Start with this Redex specification:

#lang racket

 

(require redex)

 

(define-language SMoLest

  ; an expression

  [e ::=

     ; variable

     x

     ; value

     v

     ; addition

     (+ e ...)

     ; application

     (e e ...)

     ; lamda

     (lambda (x ...) e)]

 

  ; values

  [v ::=

     number

     (lambda (x ...) e σ)]

 

  ; environment

  [σ ::= ((x v) ...)]

 

  ; evaluation context

  ; used in `eval`

  ; these are the compound forms of `e`

  ; with one sub expression replaced by a hole, `C`.

  [C ::=

     (v ... C e ...)

     (+ v ... C e ...)

     hole]

 

  [x ::= variable-not-otherwise-mentioned])

 

; extend the environment with bindings to values

(define-metafunction SMoLest

  extend : ((x any) ...)  (x ...) (any ...) -> ((x any) ...)

  [(extend ((x any) ...) (x_1 ...) (any_1 ...))

   ((x_1 any_1) ... (x any) ...)])

 

; an example of extend

(test-equal

 (term (extend ((a 1)) (b c) (2 3)))

 (term ((b 2) (c 3) (a 1))))

 

; lookup a value in the environment

(define-metafunction SMoLest

  lookup : ((any_k any_v) ...) any_n -> any

  [(lookup ((any_k any_v) ...) any_n)

   ,(letrec ([maybe-v (assoc (term any_n) (term ((any_k any_v) ...)))])

      (if maybe-v

          (last maybe-v)

          (error 'unbound "~e" (term any_n))))])

 

; an example of lookup

(test-equal

 (term (lookup ((a 1)) a))

 1)

 

; `eval` reduction relation

(define eval

  (reduction-relation

   SMoLest

   #:domain (e σ)

   ; +

   (--> [(in-hole C (+ number ...)) σ]

        [(in-hole C ,(apply + (term (number ...)))) σ])

   ; lookup

   (--> [(in-hole C x) σ]

        [(in-hole C (lookup σ x)) σ])

   ; lambda

   (--> [(in-hole C (lambda (x ...) e)) σ]

        [(in-hole C (lambda (x ...) e σ)) σ])

   ; application

   (--> [(in-hole C ((lambda (x ...) e σ) v ...)) _]

        [(in-hole C e) (extend σ (x ...) (v ...))])

   ))

 

; example of evaluating +

(test-->> eval

          ; note the `()`, which denotes the empty environment

          (term [(+ (+ 1 2) (+ 3 4))

                 ()])

          (term [10

                 ()]))

 

(test-results)

Now make the following changes/extensions.

1 Conditionals

Modify the SMoLest language definition and eval to add booleans and an eq? predicate (reference equality)—you may find + to be useful inspiration.
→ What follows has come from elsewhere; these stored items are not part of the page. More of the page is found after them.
(* Let $G=(V,E)$ be a graph, let $r:V\to\mathbb{Z}_+$, and let $S\subseteq V$. Then the following are equivalent: (i) $S$ is a vector connectivity set for $(G,r)$; (ii) for every non-empty set $X\subseteq V$ such that $G[X]$ is connected and $R(X)>|N_G(X)|$, we have $S\cap X\neq\emptyset$.
   Context: All graphs are finite, simple and undirected; $\mathbb{Z}_+=\{0,1,2,\dots\}$. For $X\subseteq V$, $N_G(X)=\left(\bigcup_{v\in X}N_G(v)\right)\setminus X$ and $G[X]$ is the subgraph induced by $X$. For a vertex requirement function $r:V\to\mathbb{Z}_+$ and non-empty $X\subseteq V$, $R(X)=\max_{x\in X} r(x)$. For $S\subseteq V$ and $v\in V\setminus S$, a $v$--$S$ fan of order $k$ is a collection of $k$ paths $P_1,\dots,P_k$, each connecting $v$ to a vertex of $S$, such that $V(P_i)\cap V(P_j)=\{v\}$ for all $i<j$; $v$ is $k$-linked to $S$ if such a fan exists. A vector connectivity set for $(G,r)$ is a set $S\subseteq V$ such that every $v\in V\setminus S$ is $r(v)$-linked to $S$. *)

(* A finite simple graph G = (V,E) is a symmetric, irreflexive
   relation e : rel T on a finite type T (the vertex set V = T). *)
From mathcomp Require Import all_boot.
Set Implicit Arguments. Unset Strict Implicit. Unset Printing Implicit Defensive.

Definition simple_graph (T : finType) (e : rel T) : Prop :=
  symmetric e /\ irreflexive e.

Definition nbhd (T : finType) (e : rel T) (X : {set T}) : {set T} :=
  [set y | (y \notin X) && [exists x in X, e x y]].

Definition induced_rel (T : finType) (e : rel T) (X : {set T}) : rel T :=
  [rel a b | [&& e a b, a \in X & b \in X]].

Definition induced_connected (T : finType) (e : rel T) (X : {set T}) : Prop :=
  forall x y, x \in X -> y \in X -> connect (induced_rel e X) x y.

Definition Rmax (T : finType) (r : T -> nat) (X : {set T}) : nat :=
  \max_(x in X) r x.

Definition path_to (T : finType) (e : rel T) (v : T) (S : {set T}) (p : seq T) : bool :=
  [&& path e v p, uniq (v :: p) & last v p \in S].

Definition fan (T : finType) (e : rel T) (v : T) (S : {set T}) (k : nat)
    (P : 'I_k -> seq T) : Prop :=
  (forall i, path_to e v S (P i)) /\
  (forall i j, i != j -> forall x, x \in v :: P i -> x \in v :: P j -> x = v).

Definition k_linked (T : finType) (e : rel T) (v : T) (S : {set T}) (k : nat) : Prop :=
  exists P : 'I_k -> seq T, fan e v S P.

Definition vector_connectivity_set (T : finType) (e : rel T) (r : T -> nat)
    (S : {set T}) : Prop :=
  forall v, v \notin S -> k_linked e v S (r v).

From mathcomp Require Import all_boot.
From Stdlib Require Import Classical.
Set Implicit Arguments. Unset Strict Implicit. Unset Printing Implicit Defensive.

(* (i) => (ii): if X avoids S, take x in X with r(x) = R(X); each of the r(x)
   paths of an x--S fan leaves X, and the first vertex outside X on each path
   lies in N(X); these vertices are distinct, so |N(X)| >= R(X).
   (ii) => (i): by Menger's theorem applied in G - v to N(v) and S, a vertex
   v not in S that is not r(v)-linked to S has a separator Z with |Z| < r(v).
   The component X of v in G - (Z \ v) is connected, contains v, avoids S and
   has N(X) inside Z, so |N(X)| < r(v) <= R(X), contradicting (ii).
   Menger's theorem is proved by induction on the number of edges, following
   Diestel: contract an edge xy; if G/xy has a separator of size < k, it lifts
   to a separator X of G of size k containing x and y, and k disjoint A--X and
   X--B paths in G - xy (induction) glue along X; otherwise the k disjoint
   paths of G/xy (induction) lift to G. *)

Section PathSurgery.
Variables (T : eqType) (e : rel T).

Lemma path_prefix_to a p z :
  path e a p -> z \in belast a p ->
  exists p', [/\ path e a p', last a p' = z & {subset a :: p' <= belast a p}].
Proof.
elim: p a => [|b p IHp] a //= /andP[eab pab]; rewrite inE => /orP[/eqP->|zp].
  by exists [::]; split => // w; rewrite !inE => ->.
have [p' [pbp' lp' sp']] := IHp b pab zp.
exists (b :: p'); split => //=; first by rewrite eab.
move=> w; rewrite inE => /orP[/eqP->|wp']; first by rewrite inE eqxx.
by rewrite inE sp' ?orbT.
Qed.

Lemma path_suffix_from c q z :
  path e c q -> z \in q ->
  exists q', [/\ path e z q', last z q' = last c q & {subset z :: q' <= q}].
Proof.
elim: q c => [|b q IHq] c //= /andP[ecb pbq]; rewrite inE => /orP[/eqP->|zq].
  by exists q; split.
have [q' [pzq' lq' sq']] := IHq b pbq zq.
by exists q'; split => // w wq'; rewrite inE sq' ?orbT.
Qed.

Lemma path_take_first (X : pred T) a p :
  path e a p -> has X (a :: p) ->
  exists n, [/\ path e a (take n p), X (last a (take n p))
              & ~~ has X (belast a (take n p))].
Proof.
elim: p a => [|b p IHp] a /=; first by move=> _ /orP[Xa|//]; exists 0.
case/andP=> eab pbp; case Xa: (X a); first by exists 0.
move=> /= Xbp; have [n [pn Xn hn]] := IHp b pbp Xbp.
by exists n.+1 => /=; rewrite eab pn Xn /= Xa.
Qed.

Lemma path_drop_last (X : pred T) a p :
  path e a p -> has X (a :: p) ->
  exists s c q, [/\ a :: p = s ++ c :: q, X c, path e c q & ~~ has X q].
Proof.
elim: p a => [|b p IHp] a /=.
  by move=> _ /orP[Xa|//]; exists [::], a, [::].
case/andP=> eab pbp; case Xbp: (has X (b :: p)).
  have [s [c [q [-> Xc pcq hq]]]] := IHp b pbp Xbp.
  by exists (a :: s), c, q.
move=> /orP[Xa|Xp]; last by move: Xbp; rewrite /= Xp.
by exists [::], a, (b :: p); split; rewrite //= ?eab //; apply: negbT.
Qed.

Lemma path_exit_edge (X : pred T) a p :
  path e a p -> X a -> ~~ X (last a p) ->
  exists y z, [/\ y \in p, ~~ X y, z \in a :: p, X z & e z y].
Proof.
elim: p a => [|b p IHp] a /=; first by move=> _ ->.
case/andP=> eab pbp Xa Xl; case Xb: (X b).
  have [y [z [yp Xy zp Xz ezy]]] := IHp b pbp Xb Xl.
  by exists y, z; split; rewrite // inE ?yp ?zp orbT.
by exists b, a; rewrite !inE !eqxx Xb.
Qed.

End PathSurgery.

Lemma induced_path (T : finType) (e : rel T) (U : {set T}) a p :
  (a \in U) && path (induced_rel e U) a p = path e a p && all [in U] (a :: p).
Proof.
elim: p a => [|b p IHp] a /=; first by rewrite !andbT.
rewrite -[induced_rel e U a b]/[&& e a b, a \in U & b \in U] -!andbA IHp.
by case: (a \in U); rewrite /= ?andbF // andbCA.
Qed.

Lemma path_induced_mem (T : finType) (e : rel T) a p :
  path e a p -> path (induced_rel e [set z in a :: p]) a p.
Proof.
apply: (sub_in_path (P := [in a :: p])); last exact/allP.
by move=> u w up wp euw; rewrite /induced_rel /= euw !in_set; apply/and3P.
Qed.

Definition verts (T : Type) (q : T * seq T) : seq T := q.1 :: q.2.

Section Linkage.
Variables (T : finType) (e : rel T).

Definition ab_path (A B : {set T}) (q : T * seq T) : bool :=
  [&& path e q.1 q.2, q.1 \in A, last q.1 q.2 \in B & uniq (verts q)].

Definition linkage (A B : {set T}) k (F : 'I_k -> T * seq T) : Prop :=
  (forall i, ab_path A B (F i)) /\
  (forall i j, i != j -> forall z, z \in verts (F i) -> z \in verts (F j) -> False).

Definition separates (A B X : {set T}) : Prop :=
  forall a p, a \in A -> path e a p -> last a p \in B -> has [in X] (a :: p).

End Linkage.
Arguments linkage {T} e A B k F.

Section LinkageTrim.
Variables (T : finType) (e : rel T).

Lemma linkage_shrink A B A' B' k (F G : 'I_k -> T * seq T) :
  linkage e A B k F -> (forall i, ab_path e A' B' (G i)) ->
  (forall i, {subset verts (G i) <= verts (F i)}) -> linkage e A' B' k G.
Proof.
move=> [_ disjF] abG subGF; split=> // i j ij z zi zj.
exact: (disjF i j ij z (subGF i z zi) (subGF j z zj)).
Qed.

Lemma linkage_trim_first A X k (F : 'I_k -> T * seq T) :
  linkage e A X k F ->
  exists G, linkage e A X k G /\ forall i, ~~ has [in X] (belast (G i).1 (G i).2).
Proof.
move=> linkF; have [abF _] := linkF.
have /fin_all_exists[G HG] : forall i, exists q, [/\ ab_path e A X q,
    {subset verts q <= verts (F i)} & ~~ has [in X] (belast q.1 q.2)].
  move=> i; have /and4P[pF aA lX uF] := abF i.
  have hasX : has [in X] (verts (F i)).
    by apply/hasP; exists (last (F i).1 (F i).2); first exact: mem_last.
  have [n [pn Xn hn]] := path_take_first pF hasX.
  exists ((F i).1, take n (F i).2); split=> //.
    by rewrite /ab_path pn aA Xn /=; move: (take_uniq n.+1 uF).
  by move=> z; rewrite !inE => /orP[->//|/mem_take ->]; rewrite orbT.
exists G; split=> [|i]; last by case: (HG i).
by apply: linkage_shrink linkF _ _ => i; case: (HG i).
Qed.

Lemma linkage_trim_last X B k (F : 'I_k -> T * seq T) :
  linkage e X B k F -> exists G, linkage e X B k G /\ forall i, ~~ has [in X] (G i).2.
Proof.
move=> linkF; have [abF _] := linkF.
have /fin_all_exists[G HG] : forall i, exists q, [/\ ab_path e X B q,
    {subset verts q <= verts (F i)} & ~~ has [in X] q.2].
  move=> i; have /and4P[pF aX lB uF] := abF i.
  have hasX : has [in X] (verts (F i)) by rewrite /= aX.
  have [s [c [q [Fsq Xc pcq hq]]]] := path_drop_last pF hasX.
  exists (c, q); split=> //.
    have lq : last c q = last (F i).1 (F i).2.
      by rewrite -[RHS]/(last c (verts (F i))) /verts Fsq last_cat.
    by rewrite /ab_path pcq Xc lq lB; move: uF; rewrite /verts Fsq cat_uniq => /and3P[].
  by move=> z zq; rewrite /verts Fsq mem_cat zq orbT.
exists G; split=> [|i]; last by case: (HG i).
by apply: linkage_shrink linkF _ _ => i; case: (HG i).
Qed.

End LinkageTrim.

Lemma injective_onto_small (T : finType) k (f : 'I_k -> T) (X : {set T}) :
  injective f -> (forall i, f i \in X) -> #|X| <= k -> forall z, z \in X -> exists i, f i = z.
Proof.
move=> injf fX cardX z; have imX : f @: 'I_k =i X.
  have sub : f @: 'I_k \subset X by apply/subsetP => _ /imsetP[i _ ->].
  apply/subset_cardP => //; apply/eqP.
  by rewrite eqn_leq subset_leq_card // card_imset // card_ord.
by rewrite -imX => /imsetP[i _ ->]; exists i.
Qed.

Section Glue.
Variables (T : finType) (e : rel T) (A B X : {set T}).
Hypothesis sepX : separates e A B X.

Lemma separator_crossing q1 c q2 z :
  ab_path e A X q1 -> ~~ has [in X] (belast q1.1 q1.2) ->
  path e c q2 -> last c q2 \in B -> ~~ has [in X] q2 ->
  z \in verts q1 -> z \in q2 -> False.
Proof.
move=> /and4P[p1 a1A l1X _] hX1 p2 l2B hX2 z1 z2.
have zX : z \notin X by apply: contraNN hX2 => zX; apply/hasP; exists z.
have zb : z \in belast q1.1 q1.2.
  move: z1; rewrite /verts lastI mem_rcons inE => /orP[/eqP ez|//].
  by rewrite ez l1X in zX.
have [p' [pp' lp' sp']] := path_prefix_to p1 zb.
have [q' [pq' lq' sq']] := path_suffix_from p2 z2.
have := sepX (p := p' ++ q') a1A; rewrite cat_path pp' lp' pq' last_cat lp' lq'.
move=> /(_ isT l2B) /hasP[w]; rewrite -cat_cons mem_cat => /orP[/sp' wb|wq'] wX.
  by move: hX1 => /hasP; apply; exists w.
by move: hX2 => /hasP; apply; exists w; rewrite // sq' // inE wq' orbT.
Qed.

Lemma linkage_concat k (G1 G2 : 'I_k -> T * seq T) :
  #|X| <= k ->
  linkage e A X k G1 -> (forall i, ~~ has [in X] (belast (G1 i).1 (G1 i).2)) ->
  linkage e X B k G2 -> (forall j, ~~ has [in X] (G2 j).2) ->
  exists F, linkage e A B k F.
Proof.
move=> cardX [ab1 disj1] hX1 [ab2 disj2] hX2.
pose end1 i := last (G1 i).1 (G1 i).2.
have start2_inj : injective (fun j => (G2 j).1).
  move=> j j' eq; apply/eqP/contraT => ne; exfalso.
  by apply: (disj2 j j' ne (G2 j).1); [|rewrite eq]; apply: mem_head.
have /fin_all_exists[m mP] : forall i, exists j, (G2 j).1 = end1 i.
  move=> i; apply: injective_onto_small start2_inj _ cardX _ _.
    by move=> j; case/and4P: (ab2 j).
  by case/and4P: (ab1 i).
have cross i j z : z \in verts (G1 i) -> z \in (G2 j).2 -> False.
  have /and4P[p2 _ l2B _] := ab2 j.
  exact: (separator_crossing (ab1 i) (hX1 i) p2 l2B (hX2 j)).
exists (fun i => ((G1 i).1, (G1 i).2 ++ (G2 (m i)).2)); split=> [i|i j ij z].
  have /and4P[p1 a1A _ u1] := ab1 i; have /and4P[p2 _ l2B u2] := ab2 (m i).
  have uniq_cat : uniq (verts (G1 i) ++ (G2 (m i)).2).
    have u2' : uniq (G2 (m i)).2 by case/andP: u2.
    rewrite cat_uniq u1 u2' andbT /=.
    by apply/hasPn => z z2; apply/negP => z1; exact: (cross i (m i) z z1 z2).
  rewrite /ab_path /= cat_path p1 /= -/(end1 i) -(mP i) p2 last_cat -/(end1 i).
  by rewrite -(mP i) l2B a1A; exact: uniq_cat.
rewrite /verts /= -!cat_cons !mem_cat => /orP[zi|zi] /orP[zj|zj].
- exact: (disj1 i j ij z).
- exact: (cross i (m j) z).
- exact: (cross j (m i) z).
have mij : m i != m j.
  apply: contra ij => /eqP mij; apply/contraT => ne; exfalso.
  by apply: (disj1 i j ne (end1 i)); [|rewrite -(mP i) mij mP]; apply: mem_last.
by apply: (disj2 (m i) (m j) mij z); rewrite /verts inE ?zi ?zj orbT.
Qed.

Lemma linkage_glue k (F1 F2 : 'I_k -> T * seq T) :
  #|X| <= k -> linkage e A X k F1 -> linkage e X B k F2 -> exists F, linkage e A B k F.
Proof.
move=> cardX /linkage_trim_first[G1 [link1 hX1]] /linkage_trim_last[G2 [link2 hX2]].
exact: linkage_concat cardX link1 hX1 link2 hX2.
Qed.

End Glue.

Definition nedges (T : finType) (e : rel T) : nat := #|[set u : T * T | e u.1 u.2]|.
Then, add a ternary if expression.

2 Syntactic Sugar

Use define-metafunction to add the following constructs:
  1. let

  2. let*

  3. begin

You do not need to modify the language definition of SMoLest. Introduce a metafunction for each of the above forms. For instance, you might implement an and sugar like this:

(define-metafunction SMoLest

  and : (e ...) -> e

  [(and e_0)

   e_0]

  [(and e_0 e_1 e_n ...)

   (if e_0 (and e_1 e_n ...) #false)])

Then write tests to ensure that each of your sugars work; e.g., for lambda:

(test-equal

 (term (let ((a 1)) (+ a 2)))

 (term ((lambda (a) (+ a 2)) 1)))

 

(test-->> eval

          (term [(let ((a 1)) (+ a 2)) ()])

          (term [3 ((a 1))]))

For implementing let*, you will find your let sugar to be helpful. For implementing begin, you may find your let* sugar and the variable-not-in procedure to be helpful.

3 Reverse It

Finally, modifying only the language definition of SMoLest, reverse the evaluation order of function arguments from left-to-right to right-to-left.